SOURCE MATERIAL below:
Lemma Dsub_partial_flat_a j : (j < N)%nat ->
  flat_to (g j) a j /\ Derive_n (g j) j a = - (w (S j) * Derive_n (q (S j)) (S j) a).
Proof.
  intros Hj.
  assert (Htail : forall i, Derive_n (g j) i a =
     - sum_n_m (fun k => w k * (Derive_n (q k) (S i) a - mu * Derive_n (q k) i a)) (S j) N).
  { intros i. unfold g. rewrite Derive_n_Dsub_partial by (intros; apply Hsmooth; lia).
    pose proof (Dsub_expansion_zero i a ltac:(lra)) as E.
    rewrite (sum_n_split _ j N) in E by lia. lra. }
  assert (Hlow : forall k i, (S j <= k <= N)%nat -> (S i < k)%nat ->
     w k * (Derive_n (q k) (S i) a - mu * Derive_n (q k) i a) = 0).
  { intros k i Hk Hi. destruct (Hord_a k ltac:(lia)) as [Hf _]. rewrite !Hf by lia. ring. }
  split.
  - intros i Hi. rewrite Htail.
    rewrite (sum_n_m_ext_loc _ (fun _ => zero)), sum_n_m_const_zero
      by (intros; apply Hlow; lia). apply Ropp_0.
  - rewrite Htail, sum_n_m_single_first by (auto; intros; apply Hlow; lia).
    destruct (Hord_a (S j) ltac:(lia)) as [Hf _]. rewrite (Hf j) by lia. ring.
Qed.

Lemma Dsub_partial_flat_b j : (j < N)%nat ->
  flat_to (g j) b (N - 1 - j) /\ Derive_n (g j) (N - 1 - j) b = w j * Derive_n (q j) (N - j) b.
Proof.
  intros Hj.
  assert (Hlow : forall k i, (k <= j)%nat -> (S i < N - k)%nat ->
     w k * (Derive_n (q k) (S i) b - mu * Derive_n (q k) i b) = 0).
  { intros k i Hk Hi. destruct (Hord_b k ltac:(lia)) as [Hf _]. rewrite !Hf by lia. ring. }
  unfold g. split.
  - intros i Hi. rewrite Derive_n_Dsub_partial by (intros; apply Hsmooth; lia).
    apply sum_n_zero. intros k Hk. apply Hlow; lia.
  - rewrite Derive_n_Dsub_partial by (intros; apply Hsmooth; lia).
    rewrite (sum_n_single _ j) by (auto; intros; apply Hlow; lia).
    destruct (Hord_b j ltac:(lia)) as [Hf _]. rewrite (Hf (N - 1 - j)%nat) by lia.
    replace (S (N - 1 - j)) with (N - j)%nat by lia. ring.
Qed.

Lemma Dsub_partial_sign_b j : (j < N)%nat -> w j > 0 ->
  (-1) ^ (N - 1 - j) * Derive_n (g j) (N - 1 - j) b < 0.
Proof.
  intros Hj Hw. rewrite (proj2 (Dsub_partial_flat_b j Hj)).
  destruct (Hord_b j ltac:(lia)) as [Hz Hnz].
  pose proof (nonneg_leading_Derive_n_right (q j) a b (N - j) Hab (Hsmooth j ltac:(lia))
    (fun x => Hnonneg j x ltac:(lia)) Hz Hnz) as Hpos.
  replace (N - j)%nat with (S (N - 1 - j)) in * by lia.
  rewrite <- tech_pow_Rmult in Hpos.
  replace ((-1) ^ (N - 1 - j) * (w j * Derive_n (q j) (S (N - 1 - j)) b))
    with (- (w j * (-1 * (-1) ^ (N - 1 - j) * Derive_n (q j) (S (N - 1 - j)) b))) by ring.
  pose proof (Rmult_lt_0_compat _ _ Hw Hpos). lra.
Qed.

Hypothesis Hcount : forall j, (j < N)%nat -> zero_count_le a b (g j) (N - 1).

Lemma Dsub_partial_not_vanishing j : (j < N)%nat -> w j > 0 -> exists x, a <= x <= b /\ g j x <> 0.
Proof.
  intros Hj Hw. apply NNPP. intros Hn.
  assert (forall y, a <= y <= b -> g j y = 0) as H0.
  { intros y Hy. apply NNPP. intros Hne. apply Hn. eauto. }
  pose proof (Dsub_partial_sign_b j Hj Hw) as Hs.
  rewrite (Derive_n_vanishing_on _ a b Hab (smooth_Dsub_partial_le j ltac:(lia)) H0) in Hs by lra. lra.
Qed.

Lemma Dsub_partial_no_interior_zero j : (j < N)%nat -> w j > 0 -> forall z, a < z < b -> g j z <> 0.
Proof.
  intros Hj Hw z Hz E.
  pose proof (Hcount j Hj (Dsub_partial_not_vanishing j Hj Hw) j (N - 1 - j)%nat [z]
    (proj1 (Dsub_partial_flat_a j Hj)) (proj1 (Dsub_partial_flat_b j Hj)) ltac:(simpl; lra)
    ltac:(intros z' [<-|[]]; auto)).
  simpl in *. lia.
Qed.

Lemma Dsub_partial_neg_near_b j : (j < N)%nat -> w j > 0 ->
  exists d, d > 0 /\ forall x, b - d < x < b -> g j x < 0.
Proof.
  intros Hj Hw.
  destruct (pos_left_of_flat (fun x => - g j x) b (N - 1 - j)) as [d [Hd Hneg]].
  - apply smooth_opp, smooth_Dsub_partial_le. lia.
  - intros i Hi. rewrite Derive_n_opp, (proj1 (Dsub_partial_flat_b j Hj)); auto. ring.
  - rewrite Derive_n_opp. pose proof (Dsub_partial_sign_b j Hj Hw). lra.
  - exists d. split; auto. intros x Hx. specialize (Hneg x Hx). lra.
Qed.

Lemma Dsub_partial_no_sign_change j x y : (j < N)%nat -> w j > 0 -> a <= x -> y < b -> x < y ->
  g j x > 0 -> g j y < 0 -> False.
Proof.
  intros Hj Hw Hx Hy Hxy Hgx Hgy.
  destruct (IVT (fun t => - g j t) x y) as [z [Hz Hgz]]; auto; try lra.
  { intros t. apply continuity_pt_opp, smooth_continuity_pt, smooth_Dsub_partial_le. lia. }
  assert (z <> x) by (intros ->; lra). assert (z <> y) by (intros ->; lra).
  apply (Dsub_partial_no_interior_zero j Hj Hw z); lra.
Qed.

Lemma first_coefficient_pos : w 0%nat > 0.
Proof.
  pose proof (Hexp a ltac:(lra)) as E.
  destruct (Hord_a 0%nat ltac:(lia)) as [Hz Hnz].
  rewrite (sum_n_single _ 0) in E; [| lia |].
  - pose proof (nonneg_leading_Derive_n_left (q 0%nat) a b 0 Hab (Hsmooth 0%nat ltac:(lia))
      (fun x => Hnonneg 0%nat x ltac:(lia)) Hz Hnz).
    pose proof (exp_pos (mu * a)). simpl in *. nra.
  - intros k Hk Hk0. pose proof (proj1 (Hord_a k Hk) 0%nat ltac:(lia)) as H0.
    simpl in H0. rewrite H0. ring.
Qed.

Lemma next_coefficient_pos k : (k < N)%nat -> w k > 0 -> w (S k) > 0.
Proof.
  intros Hk Hw.
  destruct (Hord_a (S k) ltac:(lia)) as [Hz Hnz].
  pose proof (nonneg_leading_Derive_n_left (q (S k)) a b (S k) Hab (Hsmooth (S k) ltac:(lia))
    (fun x => Hnonneg (S k) x ltac:(lia)) Hz Hnz) as Hpos.
  destruct (Dsub_partial_flat_a k Hk) as [Hfa Ea].
  destruct (Rlt_or_le 0 (w (S k))) as [Hp|Hp]; auto. exfalso.
  destruct (Req_dec (w (S k)) 0) as [E0|E0].
  - assert (flat_to (g k) a (S k)) as Hfa'.
    { intros i Hi. destruct (Nat.eq_dec i k) as [->|]; [rewrite Ea, E0; ring | apply Hfa; lia]. }
    pose proof (Hcount k Hk (Dsub_partial_not_vanishing k Hk Hw) (S k) (N - 1 - k)%nat []
      Hfa' (proj1 (Dsub_partial_flat_b k Hk)) ltac:(simpl; lra) ltac:(simpl; tauto)).
    simpl in *. lia.
  - destruct (pos_right_of_flat (g k) a k (smooth_Dsub_partial_le k ltac:(lia)) Hfa) as [d1 [Hd1 Hpos1]].
    { rewrite Ea. nra. }
    destruct (Dsub_partial_neg_near_b k Hk Hw) as [d2 [Hd2 Hneg2]].
    destruct (interior_point_near_left a b d1 Hab Hd1) as [x1 [Hx1 Hx1d]].
    destruct (interior_point_near_right a b d2 x1 Hab Hd2 ltac:(lra)) as [x2 [Hx2 [Hx2d Hx12]]].
    apply (Dsub_partial_no_sign_change k x1 x2 Hk Hw); try lra.
    + apply Hpos1. lra.
    + apply Hneg2. lra.
Qed.

Theorem expansion_coefficients_pos k : (k <= N)%nat -> w k > 0.
Proof.
  induction k as [|k IH]; intros Hk.
  - apply first_coefficient_pos.
  - apply next_coefficient_pos; [lia | apply IH; lia].
Qed.

Theorem Dsub_partial_nonpos j : (j < N)%nat -> forall x, a <= x <= b -> g j x <= 0.
Proof.
  intros Hj x Hx. assert (Hw : w j > 0) by (apply expansion_coefficients_pos; lia).
  destruct (Rle_or_lt (g j x) 0) as [H|H]; auto. exfalso.
  destruct (Req_dec x b) as [->|Eb].
  - pose proof (Dsub_partial_sign_b j Hj Hw) as Hs.
    destruct (N - 1 - j)%nat eqn:E; [simpl in Hs; lra |].
    rewrite (flat_to_value _ _ _ (proj1 (Dsub_partial_flat_b j Hj))) in H by (rewrite E; lia). lra.
  - destruct (Dsub_partial_neg_near_b j Hj Hw) as [d2 [Hd2 Hneg2]].
    destruct (interior_point_near_right a b d2 x Hab Hd2 ltac:(lra)) as [x2 [Hx2 [Hx2d Hx12]]].
    apply (Dsub_partial_no_sign_change j x x2 Hj Hw); try lra. apply Hneg2. lra.
Qed.

End Positive_coefficients.

Lemma C_ext (z w : C) : Re z = Re w -> Im z = Im w -> z = w.
Proof. destruct z, w. unfold Re, Im. simpl. intros -> ->. reflexivity. Qed.

Ltac Csimpl := unfold CDn, Cminus, Cplus, Copp, Cmult, RtoC, Re, Im in *; simpl in *.

Lemma Csmooth_iff f : Csmooth f <-> smooth (fun t => Re (f t)) /\ smooth (fun t => Im (f t)).
Proof.
  split.
  - intros H. split; intros k x; apply H.
  - intros [H1 H2] k x. split; [apply H1 | apply H2].
Qed.

Lemma Csmooth_plus f g : Csmooth f -> Csmooth g -> Csmooth (fun y => Cplus (f y) (g y)).
Proof.
  rewrite !Csmooth_iff. intros [Hf1 Hf2] [Hg1 Hg2]. split; apply smooth_plus; auto.
Qed.

Lemma Csmooth_scal c f : Csmooth f -> Csmooth (fun y => Cmult c (f y)).
Proof.
  rewrite !Csmooth_iff. intros [H1 H2]. Csimpl. split.
  - apply smooth_minus; apply smooth_scal; auto.
  - apply smooth_plus; apply smooth_scal; auto.
Qed.

Lemma Csmooth_Csum (F : nat -> R -> C) m : (forall k, (k <= m)%nat -> Csmooth (F k)) ->
  Csmooth (fun y => Csum (fun k => F k y) m).
Proof. intros H. induction m; simpl; auto. apply Csmooth_plus; auto. Qed.

Lemma Re_Csum (F : nat -> C) m : Re (Csum F m) = sum_n (fun k => Re (F k)) m.
Proof. induction m as [|m IH]; simpl. { rewrite sum_O; auto. } rewrite sum_Sn, <- IH. reflexivity. Qed.

Lemma Im_Csum (F : nat -> C) m : Im (Csum F m) = sum_n (fun k => Im (F k)) m.
Proof. induction m as [|m IH]; simpl. { rewrite sum_O; auto. } rewrite sum_Sn, <- IH. reflexivity. Qed.

Lemma Csum_zero (F : nat -> C) m : (forall k, (k <= m)%nat -> F k = 0) -> Csum F m = 0.
Proof.
  intros H. induction m as [|m IH]; simpl; auto.
  rewrite IH, H by auto. apply C_ext; Csimpl; ring.
Qed.

Lemma Re_RtoC_mult r z : Re (Cmult (RtoC r) z) = r * Re z.
Proof. Csimpl. ring. Qed.

Lemma Im_RtoC_mult r z : Im (Cmult (RtoC r) z) = r * Im z.
Proof. Csimpl. ring. Qed.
End of SOURCE MATERIAL.
ACTION ITEM:
Can you write out the lines above, from the first one through the one containing "assert (Htail : forall", exactly as they appear and nothing more?

WRITTEN RESPONSE:
Lemma Dsub_partial_flat_a j : (j < N)%nat ->
  flat_to (g j) a j /\ Derive_n (g j) j a = - (w (S j) * Derive_n (q (S j)) (S j) a).
Proof.
  intros Hj.
  assert (Htail : forall i, Derive_n (g j) i a =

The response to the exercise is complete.